In sports, Purdue has produced basketball coach John Wooden; basketball Hall of Famers Stretch Murphy, Piggy Lambert, and Rick Mount; NBA Champions Paul Hoffman, Herm Gilliam, Frank Kendrick, Jerry Sichting, Glenn Robinson, and Brian Cardinal; and NBA All-Stars Glenn Robinson, Brad Miller, Terry Dischinger, and Joe Barry Carroll. Purdue has three NFL Super Bowl–winning quarterbacks in Drew Brees, Bob Griese, and Len Dawson. Nineteen Purdue alumni had been on a Super Bowl–winning team as of 2011. Purdue also produced Super Bowl IV winning coach Hank Stram. 2008 Daytona 500 winner Ryan Newman graduated from Purdue with a bachelor's degree in vehicle structure engineering.

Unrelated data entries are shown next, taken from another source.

(* For all integers $L\ge 0$ and $n\ge 1$, $$S_L(n+1,n)=\frac{n(n+1)}{2}\left[\frac{(n+1)!}{2}\right]^{L}=\left[\frac{(n+1)!}{2}\right]^{L}S_0(n+1,n).$$
   Context: For an integer $L\ge 0$ let ${}_0F_L(z)=\sum_{n=0}^{\infty}\frac{z^n}{(n!)^{L+1}}$. Define the numbers $S_L(n,l)$ ($n,l\ge 0$) by the formal power series identities $\frac{({}_0F_L(z)-1)^l}{l!}=\sum_{n\ge l}\frac{S_L(n,l)}{(n!)^{L+1}}z^n$ for each $l\ge 0$. In particular $S_0(n,l)$ are the Stirling numbers of the second kind. *)

From mathcomp Require Import all_boot all_order all_algebra.
Set Implicit Arguments. Unset Strict Implicit. Unset Printing Implicit Defensive.
Import GRing.Theory Num.Theory.
Local Open Scope ring_scope.

(* Truncation at degree N of the formal power series
   0F_L(z) = sum_{k>=0} z^k / (k!)^(L+1), as a polynomial over rat. *)
Definition F0L_trunc (L N : nat) : {poly rat} :=
  \poly_(k < N.+1) (((k`!)%:R : rat) ^+ L.+1)^-1.

(* S_L(n,l) := (n!)^(L+1) * [z^n] ( (0F_L(z) - 1)^l / l! ).
   The coefficient of z^n of (0F_L - 1)^l only depends on the terms of
   0F_L of degree <= n, so truncating at degree n is exact. *)
Definition S_L (L n l : nat) : rat :=
  ((n`!)%:R ^+ L.+1) * (((F0L_trunc L n - 1) ^+ l)`_n / (l`!)%:R).

(* Write F := 0F_L.  Since F - 1 = z (1 + z / 2^(L+1) + ...), the coefficient of
   z^(n+1) in (F - 1)^n is that of z in (1 + z / 2^(L+1) + ...)^n, namely
   n / 2^(L+1).  Hence S_L(n+1,n) = ((n+1)!)^(L+1) n / (2^(L+1) n!), which is
   n(n+1)/2 * ((n+1)!/2)^L. *)
From mathcomp Require Import all_boot all_order all_algebra.
From mathcomp Require Import ring.
Import GRing.Theory Num.Theory.
Local Open Scope ring_scope.

Section PowerCoefficients.
Variable R : comNzRingType.
Implicit Types p q : {poly R}.

Lemma coef1_exp q m : (q ^+ m)`_1 = m%:R * q`_0 ^+ m.-1 * q`_1.
Proof.
elim: m => [|m IH]; first by rewrite expr0 coefC !mul0r.
have coef0X : (q ^+ m)`_0 = q`_0 ^+ m by exact: (rmorphXn (coefp 0)).
rewrite exprSr coefM big_ord_recr big_ord1 /= IH coef0X subnn subn0.
by case: m {IH coef0X} => [|m] /=; rewrite ?exprS -?natr1; ring.
Qed.

Lemma coefS_exp_coef0_eq0 p m :
  p`_0 = 0 -> (p ^+ m)`_m.+1 = m%:R * p`_1 ^+ m.-1 * p`_2.
Proof.
move=> p0; have pX : p = drop_poly 1 p * 'X.
  by apply/polyP => -[|i]; rewrite coefMX coef_drop_poly // addn1.
rewrite {1}pX exprMn coefMXn ltnNge leqnSn /= subSnn.
by rewrite coef1_exp !coef_drop_poly.
Qed.

End PowerCoefficients.

Lemma coef_F0L_trunc L N k :
  (F0L_trunc L N)`_k = if (k <= N)%N then ((k`!)%:R ^+ L.+1)^-1 else 0.
Proof. by rewrite coef_poly ltnS. Qed.

Lemma S_L_subdiag L n :
  S_L L n.+1 n = ((n * n.+1)%:R / 2) * (((n.+1)`!)%:R / 2) ^+ L.
Proof.
case: n => [|n]; first by rewrite /S_L expr0 coefC /= !mul0r mulr0.
rewrite /S_L coefS_exp_coef0_eq0; last first.
  by rewrite coefB coef_F0L_trunc coefC /= expr1n invr1 subrr.
rewrite !coefB !coef_F0L_trunc !coefC /= !subr0 expr1n invr1 expr1n mulr1.
rewrite (factS n.+1).
have : (n.+1)`! != 0%N by rewrite -lt0n fact_gt0.
move: (n.+1)`! => k k_neq0.
rewrite !natrM !exprMn !expr1n !mulr1 exprVn !exprS.
by field; rewrite expf_neq0 // pnatr_eq0.
Qed.

Theorem mainTheorem4 (L n : nat) (hn : (1 <= n)%N) :
  S_L L n.+1 n = ((n * n.+1)%:R / 2) * (((n.+1)`!)%:R / 2) ^+ L
  /\ S_L L n.+1 n = (((n.+1)`!)%:R / 2) ^+ L * S_L 0 n.+1 n.
Proof.
(* S_L_subdiag also holds at n = 0. *)
split; first exact: S_L_subdiag.
by rewrite !S_L_subdiag expr0 mulr1 mulrC.
Qed.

Three Purdue alumni have received the Presidential Medal of Freedom, the highest civilian award of the United States: Neil Armstrong, Brian Lamb, and John Wooden.

The 67000 sqft Dauch Alumni Center houses the Purdue for Life Foundation. The foundation was created in 2020 by uniting the Purdue Alumni Association and the University Development Office.